**Exercise**
Every line in the data below from the one containing "Definition overlaps m" down to the one containing "From mathcomp Require Import all_boot all_fingroup zify.", both included, must be retyped exactly; no other line is to appear.

*** Opening Information ***

(* If $\pi\in\mathfrak{S}_m$ is a non-overlapping permutation, then $\pi$ and its reversal $\pi^R=\pi_m\pi_{m-1}\cdots\pi_1$ are super-strongly c-Wilf equivalent.
   Context: The standardization $\operatorname{st}(w)$ of a word of distinct integers replaces its smallest entry by 1, the next smallest by 2, etc. For $\pi\in\mathfrak{S}_m$ and $\sigma\in\mathfrak{S}_n$, $\operatorname{Em}(\pi,\sigma)=\{i\in[n-m+1]:\operatorname{st}(\sigma_i\cdots\sigma_{i+m-1})=\pi\}$. For a set $S$ of positive integers, $a^\pi_{n,S}$ is the number of $\sigma\in\mathfrak{S}_n$ with $\operatorname{Em}(\pi,\sigma)=S$; $\pi,\tau$ are super-strongly c-Wilf equivalent if $a^\pi_{n,S}=a^\tau_{n,S}$ for all $n,S$. The overlap set is $\mathcal{O}_\pi=\{i\in[m-1]:\operatorname{st}(\pi_{i+1}\cdots\pi_m)=\operatorname{st}(\pi_1\cdots\pi_{m-i})\}$; $\pi$ is non-overlapping if $\mathcal{O}_\pi=\{m-1\}$. *)

From mathcomp Require Import all_boot all_fingroup.
Set Implicit Arguments. Unset Strict Implicit. Unset Printing Implicit Defensive.

(* Permutations of [m] are 'S_m = {perm 'I_m}; entries are 0-based values,
   word positions are 1-based as in the paper. *)

Definition st (w : seq nat) : seq nat :=
  [seq count (fun y => y < x) w | x <- w].

Definition word n (s : 'S_n) : seq nat := [seq val (s i) | i <- enum 'I_n].

Definition Em m n (pi : 'S_m) (sigma : 'S_n) : seq nat :=
  [seq i <- iota 1 (n - m + 1) |
     st (take m (drop i.-1 (word sigma))) == word pi].

Definition seteqb (s t : seq nat) : bool := all (mem t) s && all (mem s) t.

(* a^pi_{n,S}: number of sigma in S_n with Em(pi,sigma) = S (S a finite set of
   positive integers, given by a list) *)
Definition a_cnt m (pi : 'S_m) n (S : seq nat) : nat :=
  #|[set sigma : 'S_n | seteqb (Em pi sigma) S]|.

Definition super_strongly_cWilf m (pi tau : 'S_m) : Prop :=
  forall n (S : seq nat), all (fun i => 0 < i) S -> a_cnt pi n S = a_cnt tau n S.

Definition overlaps m (pi : 'S_m) : seq nat :=
  [seq i <- iota 1 m.-1 |
     st (drop i (word pi)) == st (take (m - i) (word pi))].

Definition non_overlapping m (pi : 'S_m) : Prop := overlaps pi = [:: m.-1].

Lemma rev_perm_inj m (pi : 'S_m) : injective (fun j : 'I_m => pi (rev_ord j)).
Proof. by move=> i j /= /perm_inj /rev_ord_inj. Qed.

Definition rev_perm m (pi : 'S_m) : 'S_m := perm (@rev_perm_inj m pi).

From mathcomp Require Import all_boot all_fingroup zify.
Set Implicit Arguments. Unset Strict Implicit. Unset Printing Implicit Defensive.

(* Let [cnt_sup p A] be the number of sigma with an occurrence of p starting at every
   position of A.  The counts [cnt_eq] of exact Em-sets are recovered from these by
   Moebius inversion over supersets, so it suffices to show that [cnt_sup] takes the
   same values for pi and its reversal piR.  As pi is non-overlapping, two
   occurrences of pi (or of piR) share at most one entry, so both counts vanish unless
   the elements of A are pairwise at distance >= m-1.  Such an A splits into clusters,
   arithmetic progressions of step m-1 whose windows chain into one block; reversing
   the entries of a block turns the occurrences of pi at a cluster into occurrences of
   piR at the mirror-image cluster, which is the same cluster, and touches no other
   window.  Reversing the blocks one at a time is the required bijection. *)

Lemma size_word n (s : 'S_n) : size (word s) = n.
Proof. by rewrite size_map size_enum_ord. Qed.

Lemma nth_word n (s : 'S_n) (i : 'I_n) : nth 0 (word s) i = s i.
Proof. by rewrite (nth_map i) ?size_enum_ord // nth_ord_enum. Qed.

Lemma word_rev_perm m (p : 'S_m) : word (rev_perm p) = rev (word p).
Proof.
apply: (@eq_from_nth _ 0); first by rewrite size_rev !size_word.
move=> i; rewrite size_word => lt_im; rewrite nth_rev size_word //.
have -> : m - i.+1 = rev_ord (Ordinal lt_im) by [].
by rewrite -[i]/(val (Ordinal lt_im)) !nth_word permE.
Qed.

Lemma size_st w : size (st w) = size w.
Proof. exact: size_map. Qed.

Lemma st_rev w : st (rev w) = rev (st w).
Proof. by rewrite /st map_rev; congr rev; apply: eq_map => x; rewrite count_rev. Qed.

Lemma st_map_mono (f : nat -> nat) w :
  {in w &, forall x y, (f x < f y) = (x < y)} -> st (map f w) = st w.
Proof.
move=> f_mono; rewrite /st -map_comp; apply/eq_in_map => x xw /=.
by rewrite count_map; apply: eq_in_count => y yw; apply: f_mono.
Qed.

Lemma count_ltn_mono w :
  {in w &, forall x y, (count (fun z => z < x) w < count (fun z => z < y) w) = (x < y)}.
Proof.
have count_ltn_split x y : x <= y -> count (fun z => z < y) w =
    count (fun z => z < x) w + count (fun z => x <= z < y) w.
  by move=> le_xy; elim: w => //= z w ->; case: (ltnP z x); case: (ltnP z y); lia.
have lt_count x y : x \in w -> x < y -> count (fun z => z < x) w < count (fun z => z < y) w.
  move=> xw lt_xy; rewrite (count_ltn_split _ _ (ltnW lt_xy)) -addn1 leq_add2l.
  by rewrite -has_count; apply/hasP; exists x; rewrite ?leqnn.
move=> x y xw yw; case: (ltngtP x y) => [lt_xy | lt_yx | ->]; last exact: ltnn.
- exact: lt_count.
- by apply/negbTE; rewrite -leqNgt ltnW // lt_count.
Qed.

Lemma st_drop k w : st (drop k (st w)) = st (drop k w).
Proof.
rewrite [X in drop k X]/st -map_drop st_map_mono // => x y xw yw.
by apply: count_ltn_mono; [exact: mem_drop xw | exact: mem_drop yw].
Qed.

Lemma st_take k w : st (take k (st w)) = st (take k w).
Proof.
rewrite [X in take k X]/st -map_take st_map_mono // => x y xw yw.
by apply: count_ltn_mono; [exact: mem_take xw | exact: mem_take yw].
Qed.

(* Positions are 0-based here: [occ p s j] iff [j.+1 \in Em p s] (see [mem_Em]). *)
Definition occ m n (p : 'S_m) (s : 'S_n) (j : nat) : bool :=
  st (take m (drop j (word s))) == word p.

Section Occurrences.

Variables m n : nat.
Hypothesis m_gt0 : 0 < m.

Lemma occ_bound (p : 'S_m) (s : 'S_n) j : occ p s j -> j + m <= n.
Proof.
move/eqP/(congr1 size); rewrite size_st size_take size_drop !size_word.
case: ltnP; lia.
Qed.

Lemma occE (p : 'S_m) (s : 'S_n) j :
  occ p s j = (j + m <= n) && (st [seq nth 0 (word s) i | i <- iota j m] == word p).
Proof.
have [le_jmn | lt_njm] := leqP (j + m) n; last first.
  by apply/negP => /occ_bound; rewrite leqNgt lt_njm.
by rewrite map_nth_iota // size_word leq_subRL // (leq_trans _ le_jmn) ?leq_addr.
Qed.

Lemma overlaps_rev_perm (p : 'S_m) : overlaps (rev_perm p) = overlaps p.
Proof.
apply: eq_in_filter => i; rewrite mem_iota => i_range.
rewrite word_rev_perm drop_rev take_rev size_word !st_rev (inj_eq (can_inj revK)).
by rewrite (_ : m - (m - i) = i) 1?eq_sym //; lia.
Qed.

Lemma occ_overlaps (p : 'S_m) (s : 'S_n) a e :
  occ p s a -> occ p s (a + e) -> 0 < e < m -> e \in overlaps p.
Proof.
rewrite !occE => /andP[_ /eqP occ_a] /andP[_ /eqP occ_ae] e_range.
rewrite mem_filter mem_iota (_ : 1 <= e < 1 + m.-1); last lia.
rewrite andbT -{1}occ_a st_drop -occ_ae st_take -map_drop -map_take.
by rewrite drop_iota take_iota (_ : minn (m - e) m = m - e) //; lia.
Qed.
Definition blk3 (R : realType) (n : nat)
  (a11 : 'M[R]_1) (a12 : 'M[R]_(1, n)) (a13 : 'M[R]_1)
  (a21 : 'M[R]_(n, 1)) (a22 : 'M[R]_n) (a23 : 'M[R]_(n, 1))
  (a31 : 'M[R]_1) (a32 : 'M[R]_(1, n)) (a33 : 'M[R]_1) : 'M[R]_(1 + n + 1) :=
  block_mx (block_mx a11 a12 a21 a22) (col_mx a13 a23)
           (row_mx a31 a32) a33.

Definition calB0 (R : realType) (n : nat) : 'M[R]_(1 + n + 1) :=
  blk3 (-1) 0 0  0 0 0  0 0 1.

Definition calB1 (R : realType) (n : nat) (u v : 'cV[R]_n) : 'M[R]_(1 + n + 1) :=
  blk3 0 (- v^T) 0  u 0 (- v)  0 u^T 0.

Definition calB2 (R : realType) (n : nat) (A : 'M[R]_n) (u v du dv : 'cV[R]_n)
  : 'M[R]_(1 + n + 1) :=
  blk3 (- (dotv u v)%:M) dv^T 0
       du (u *m v^T - v *m u^T + A) dv
       0 du^T (dotv u v)%:M.

Definition commmx (R : realType) (m : nat) (X Y : 'M[R]_m) : 'M[R]_m :=
  X *m Y - Y *m X.

(* The spectral derivative of B = zeta B0 + B1 is B0, and commuting with
   B0 = diag(-1, 0, 1) only rescales the blocks of a matrix: [B0, B2] = B1(u', v')
   is the z-derivative of B1, and [B0, B1(u, v)] = B1(u, -v).  Expanding [B, A] in
   powers of zeta, both Lax equations therefore reduce to one zeta-free identity,
   valid for every skew-symmetric A:
     B2' = [B1, B2] + B1(P, -Q),
   with P = u'' + 2(u,v)u - (u,u)v + Au and Q = v'' + 2(u,v)v - (v,v)u - Av.
   The equations of (a) turn B1(P, -Q) into -(z/2)[B0, B1], those of (b) into
   -(1/2)(z B1)'. *)

From HB Require Import structures.
From mathcomp Require Import all_boot all_order all_algebra.
From mathcomp Require Import all_classical all_reals all_analysis.
From mathcomp Require Import ring.
Import Order.TTheory GRing.Theory Num.Theory.
Import numFieldNormedType.Exports.
Local Open Scope ring_scope.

*** Closing Information ***

**Solution to this problem**
Definition overlaps m (pi : 'S_m) : seq nat :=
  [seq i <- iota 1 m.-1 |
     st (drop i (word pi)) == st (take (m - i) (word pi))].

Definition non_overlapping m (pi : 'S_m) : Prop := overlaps pi = [:: m.-1].

Lemma rev_perm_inj m (pi : 'S_m) : injective (fun j : 'I_m => pi (rev_ord j)).
Proof. by move=> i j /= /perm_inj /rev_ord_inj. Qed.

Definition rev_perm m (pi : 'S_m) : 'S_m := perm (@rev_perm_inj m pi).

From mathcomp Require Import all_boot all_fingroup zify.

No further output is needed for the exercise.